▶ _Assignment_: Determine how many lines in the material below contain the string "replace", then state only that count.
Top of Input data
Lemma cconv_mul u w l m : cconv u l -> cconv w m -> cconv (fun n => Cmul (u n) (w n)) (Cmul l m).
Proof.
  intros [] []; split; simpl;
    [apply is_lim_seq_minus' | apply is_lim_seq_plus']; apply is_lim_seq_mult'; assumption.
Qed.

Lemma cconv_pow u l k : cconv u l -> cconv (fun n => Cpow (u n) k) (Cpow l k).
Proof. intros Hu; induction k; simpl; [apply cconv_const | apply cconv_mul; assumption]. Qed.

Lemma cconv_inv u l : cconv u l -> l <> C0 -> cconv (fun n => Cinv (u n)) (Cinv l).
Proof.
  intros [HRe HIm] Hl; pose proof (Cnorm2_pos l Hl) as Hn.
  assert (Hnorm : is_lim_seq (fun n => Cnorm2 (u n)) (Cnorm2 l)).
  { unfold Cnorm2; apply is_lim_seq_plus'; apply is_lim_seq_mult'; assumption. }
  split; simpl; apply is_lim_seq_div'; try assumption; try lra.
  apply (is_lim_seq_opp _ (Im l)); assumption.
Qed.

Lemma cconv_ext_ev u w l :
  (exists N, forall n, (N <= n)%nat -> u n = w n) -> cconv u l -> cconv w l.
Proof.
  intros [N E] [HRe HIm]; split;
    [apply (is_lim_seq_ext_loc (fun n => Re (u n))) | apply (is_lim_seq_ext_loc (fun n => Im (u n)))];
    try assumption; exists N; intros n Hn; rewrite E; auto.
Qed.

Lemma cconv_ext u w l : (forall n, u n = w n) -> cconv u l -> cconv w l.
Proof. intros E; apply cconv_ext_ev; exists 0%nat; auto. Qed.

Lemma cconv_unique u l m : cconv u l -> cconv u m -> l = m.
Proof.
  intros [HRe HIm] [HRe' HIm'].
  apply is_lim_seq_unique in HRe, HIm, HRe', HIm'.
  apply C_ext; [rewrite HRe in HRe'; injection HRe' | rewrite HIm in HIm'; injection HIm']; auto.
Qed.

Lemma cconv_eq_limit u l l' : cconv u l -> l = l' -> cconv u l'.
Proof. intros Hu <-; exact Hu. Qed.

Lemma cconv_eps u l : cconv u l <->
  forall eps, 0 < eps -> exists N, forall n, (N <= n)%nat -> Cnorm2 (Csub (u n) l) < eps.
Proof.
  unfold cconv; rewrite <- !is_lim_seq_spec; unfold is_lim_seq'; split.
  - intros [HRe HIm] eps Heps.
    assert (Hs : 0 < sqrt (eps / 2)) by (apply sqrt_lt_R0; lra).
    destruct (HRe (mkposreal _ Hs)) as [N1 H1], (HIm (mkposreal _ Hs)) as [N2 H2].
    exists (Nat.max N1 N2); intros n Hn; simpl in *.
    specialize (H1 n ltac:(lia)); specialize (H2 n ltac:(lia)).
    pose proof (sqrt_sqrt (eps / 2) ltac:(lra)).
    assert (Hsq : forall x, Rabs x < sqrt (eps / 2) -> x * x < eps / 2)
      by (intros x Hx; pose proof (Rabs_pos x);
          assert (x * x = Rabs x * Rabs x)
            by (rewrite <- Rabs_mult; symmetry; apply Rabs_right; nra); nra).
    unfold Cnorm2; simpl; pose proof (Hsq _ H1); pose proof (Hsq _ H2); lra.
  - intros H; split; intros [eps Heps]; simpl;
      destruct (H (eps * eps) ltac:(nra)) as [N HN]; exists N; intros n Hn;
      specialize (HN n Hn); unfold Cnorm2 in HN; simpl in HN;
      pose proof (Rle_0_sqr (Re (u n) + - Re l)); pose proof (Rle_0_sqr (Im (u n) + - Im l));
      unfold Rsqr in *; apply Rabs_def1; nra.
Qed.

Lemma cconv_eventually_neq0 u l :
  cconv u l -> l <> C0 -> exists N, forall n, (N <= n)%nat -> u n <> C0.
Proof.
  intros Hu Hl; pose proof (Cnorm2_pos l Hl).
  rewrite cconv_eps in Hu; destruct (Hu (Cnorm2 l / 4) ltac:(lra)) as [N HN].
  exists N; intros n Hn E; specialize (HN n Hn); rewrite E in HN.
  unfold Cnorm2 in *; simpl in *; nra.
Qed.

Lemma cconv_pow_inv0 u k : cconv (fun n => Cpow (u n) (S k)) C0 -> cconv u C0.
Proof.
  assert (Hsub0 : forall z, Csub z C0 = z) by (intros; field).
  rewrite !cconv_eps; intros H eps Heps.
  destruct (H (eps ^ S k) ltac:(apply pow_lt; lra)) as [N HN]; exists N; intros n Hn.
  specialize (HN n Hn); rewrite Hsub0, Cnorm2_pow in *.
  apply Rnot_le_lt; intro Hle; assert (eps ^ S k <= Cnorm2 (u n) ^ S k) by (apply pow_incr; lra); lra.
Qed.

Lemma vconv_iff u l : vconv u l <->
  cconv (fun n => v1 (u n)) (v1 l) /\ cconv (fun n => v2 (u n)) (v2 l) /\
  cconv (fun n => v3 (u n)) (v3 l) /\ cconv (fun n => v4 (u n)) (v4 l).
Proof.
  unfold vconv; rewrite !cconv_eps; split.
  - intros H; repeat split; intros eps Heps; destruct (H eps Heps) as [N HN];
      exists N; intros n Hn; specialize (HN n Hn); rewrite vnorm2_sub in HN;
      pose proof (Cnorm2_nonneg (Csub (v1 (u n)) (v1 l)));
      pose proof (Cnorm2_nonneg (Csub (v2 (u n)) (v2 l)));
      pose proof (Cnorm2_nonneg (Csub (v3 (u n)) (v3 l)));
      pose proof (Cnorm2_nonneg (Csub (v4 (u n)) (v4 l))); lra.
  - intros [H1 [H2 [H3 H4]]] eps Heps.
    destruct (H1 (eps / 4) ltac:(lra)) as [N1 K1], (H2 (eps / 4) ltac:(lra)) as [N2 K2],
      (H3 (eps / 4) ltac:(lra)) as [N3 K3], (H4 (eps / 4) ltac:(lra)) as [N4 K4].
    exists (Nat.max (Nat.max N1 N2) (Nat.max N3 N4)); intros n Hn.
    specialize (K1 n ltac:(lia)); specialize (K2 n ltac:(lia));
      specialize (K3 n ltac:(lia)); specialize (K4 n ltac:(lia)).
    rewrite vnorm2_sub; lra.
Qed.

Definition crd (k : nat) (x : V4) : C :=
  match k with 0 => v1 x | 1 => v2 x | 2 => v3 x | _ => v4 x end.

Lemma crd_lincomb k al be x y :
  crd k (vadd (vscale al x) (vscale be y)) = Cadd (Cmul al (crd k x)) (Cmul be (crd k y)).
Proof. destruct k as [| [| [|]]]; reflexivity. Qed.

Lemma V4_ext_crd x y : (forall k, crd k x = crd k y) -> x = y.
Proof.
  intros H; apply V4_ext; [apply (H 0%nat) | apply (H 1%nat) | apply (H 2%nat) | apply (H 3%nat)].
Qed.

Lemma vconv_crd u l k : vconv u l -> cconv (fun n => crd k (u n)) (crd k l).
Proof. rewrite vconv_iff; intros [H1 [H2 [H3 H4]]]; destruct k as [| [| [|]]]; assumption. Qed.

Ltac climit :=
  eapply cconv_eq_limit;
  [ repeat first [ eassumption | apply cconv_const | apply cconv_add | apply cconv_opp
                 | apply cconv_mul | apply cconv_pow | apply vconv_crd; eassumption ]
  | cbn [Cpow]; field ].

Ltac vsplit :=
  apply vconv_iff; cbn [v1 v2 v3 v4 vadd vsub vscale V0 e1]; refine (conj _ (conj _ (conj _ _))).

Definition inv_nat_seq (n : nat) : C := RtoC (/ INR (S n)).

Lemma inv_nat_seq_neq0 n : inv_nat_seq n <> C0.
Proof.
  intro E; apply (f_equal Re) in E; simpl in E.
  apply (Rinv_neq_0_compat (INR (S n))), E; apply not_0_INR; discriminate.
Qed.

Lemma inv_nat_seq_cconv : cconv inv_nat_seq C0.
Proof.
  split; simpl; [| apply is_lim_seq_const].
  apply (is_lim_seq_incr_1 (fun n => / INR n) 0).
  replace (Finite 0) with (Rbar_inv p_infty) by reflexivity.
  apply is_lim_seq_inv; [apply is_lim_seq_INR | discriminate].
Qed.

(** * Limits of planes *)

Definition minor (e f : V4) (i j : nat) : C :=
  Csub (Cmul (crd i e) (crd j f)) (Cmul (crd j e) (crd i f)).

Lemma lin_indep2_minor_neq0 e f : lin_indep2 e f -> exists i j, minor e f i j <> C0.
Proof.
  intros Hind; apply NNPP; intro Hall.
  assert (M0 : forall i j, minor e f i j = C0)
    by (intros i j; apply NNPP; intro M; apply Hall; exists i, j; exact M).
  destruct (classic (exists i, crd i e <> C0)) as [[i Hi] | He].
  - destruct (Hind (crd i f) (Copp (crd i e))) as [_ Hb].
    + apply V4_ext_crd; intro k; rewrite crd_lincomb.
      specialize (M0 i k); unfold minor in M0.
      transitivity (Copp (Csub (Cmul (crd i e) (crd k f)) (Cmul (crd k e) (crd i f)))); [field |].
      rewrite M0; destruct k as [| [| [|]]]; cbn; field.
    + apply Hi; replace (crd i e) with (Copp (Copp (crd i e))) by field; rewrite Hb; field.
  - assert (E : e = V0).
    { apply V4_ext_crd; intro k; apply NNPP; intro Hk; apply He; exists k.
      destruct k as [| [| [|]]]; exact Hk. }
    destruct (Hind C1 C0) as [H1 _]; [subst e; vfield | exact (C1_neq_C0 H1)].
Qed.

Lemma in_span2_coord_l P Q w al be i j :
  w = vadd (vscale al P) (vscale be Q) -> minor P Q i j <> C0 ->
  al = Cmul (minor w Q i j) (Cinv (minor P Q i j)).
Proof.
  intros -> HD.
  replace (minor (vadd (vscale al P) (vscale be Q)) Q i j) with (Cmul al (minor P Q i j))
    by (unfold minor; rewrite !crd_lincomb; field).
  field; exact HD.
Qed.

Lemma in_span2_coord_r P Q w al be i j :
  w = vadd (vscale al P) (vscale be Q) -> minor P Q i j <> C0 ->
  be = Cmul (minor P w i j) (Cinv (minor P Q i j)).
Proof.
  intros -> HD.
  replace (minor P (vadd (vscale al P) (vscale be Q)) i j) with (Cmul be (minor P Q i j))
    by (unfold minor; rewrite !crd_lincomb; field).
  field; exact HD.
Qed.

(* Cramer's rule on a 2x2 minor of the limit basis, nonzero from some rank on, gives the
   coordinates of [w n] as convergent sequences. *)
Lemma in_span2_limit (P Q w : nat -> V4) e f z :
  (forall n, in_span2 (P n) (Q n) (w n)) -> vconv P e -> vconv Q f -> vconv w z ->
  lin_indep2 e f -> in_span2 e f z.
Proof.
  intros Hspan HP HQ Hw Hind.
  destruct (lin_indep2_minor_neq0 e f Hind) as [i [j HD]].
  assert (HDn : cconv (fun n => minor (P n) (Q n) i j) (minor e f i j)) by (unfold minor; climit).
  destruct (cconv_eventually_neq0 _ _ HDn HD) as [N HN].
  set (al := fun n => Cmul (minor (w n) (Q n) i j) (Cinv (minor (P n) (Q n) i j))).
  set (be := fun n => Cmul (minor (P n) (w n) i j) (Cinv (minor (P n) (Q n) i j))).
  assert (Hal : cconv al (Cmul (minor z f i j) (Cinv (minor e f i j)))).
  { apply cconv_mul; [unfold minor; climit | apply cconv_inv; assumption]. }
  assert (Hbe : cconv be (Cmul (minor e z i j) (Cinv (minor e f i j)))).
  { apply cconv_mul; [unfold minor; climit | apply cconv_inv; assumption]. }
  exists (Cmul (minor z f i j) (Cinv (minor e f i j))), (Cmul (minor e z i j) (Cinv (minor e f i j))).
  apply V4_ext_crd; intro k; rewrite crd_lincomb.
  apply (cconv_unique (fun n => crd k (w n))); [apply vconv_crd; assumption |].
  apply cconv_ext_ev with (fun n => Cadd (Cmul (al n) (crd k (P n))) (Cmul (be n) (crd k (Q n))));
    [| climit; exact HD].
  exists N; intros n Hn; destruct (Hspan n) as [a [b Hab]].
  unfold al, be.
  rewrite <- (in_span2_coord_l _ _ _ _ _ _ _ Hab (HN n Hn)),
    <- (in_span2_coord_r _ _ _ _ _ _ _ Hab (HN n Hn)), Hab, crd_lincomb.
  reflexivity.
Qed.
Bottom of Input data
▶ _Reply_: 4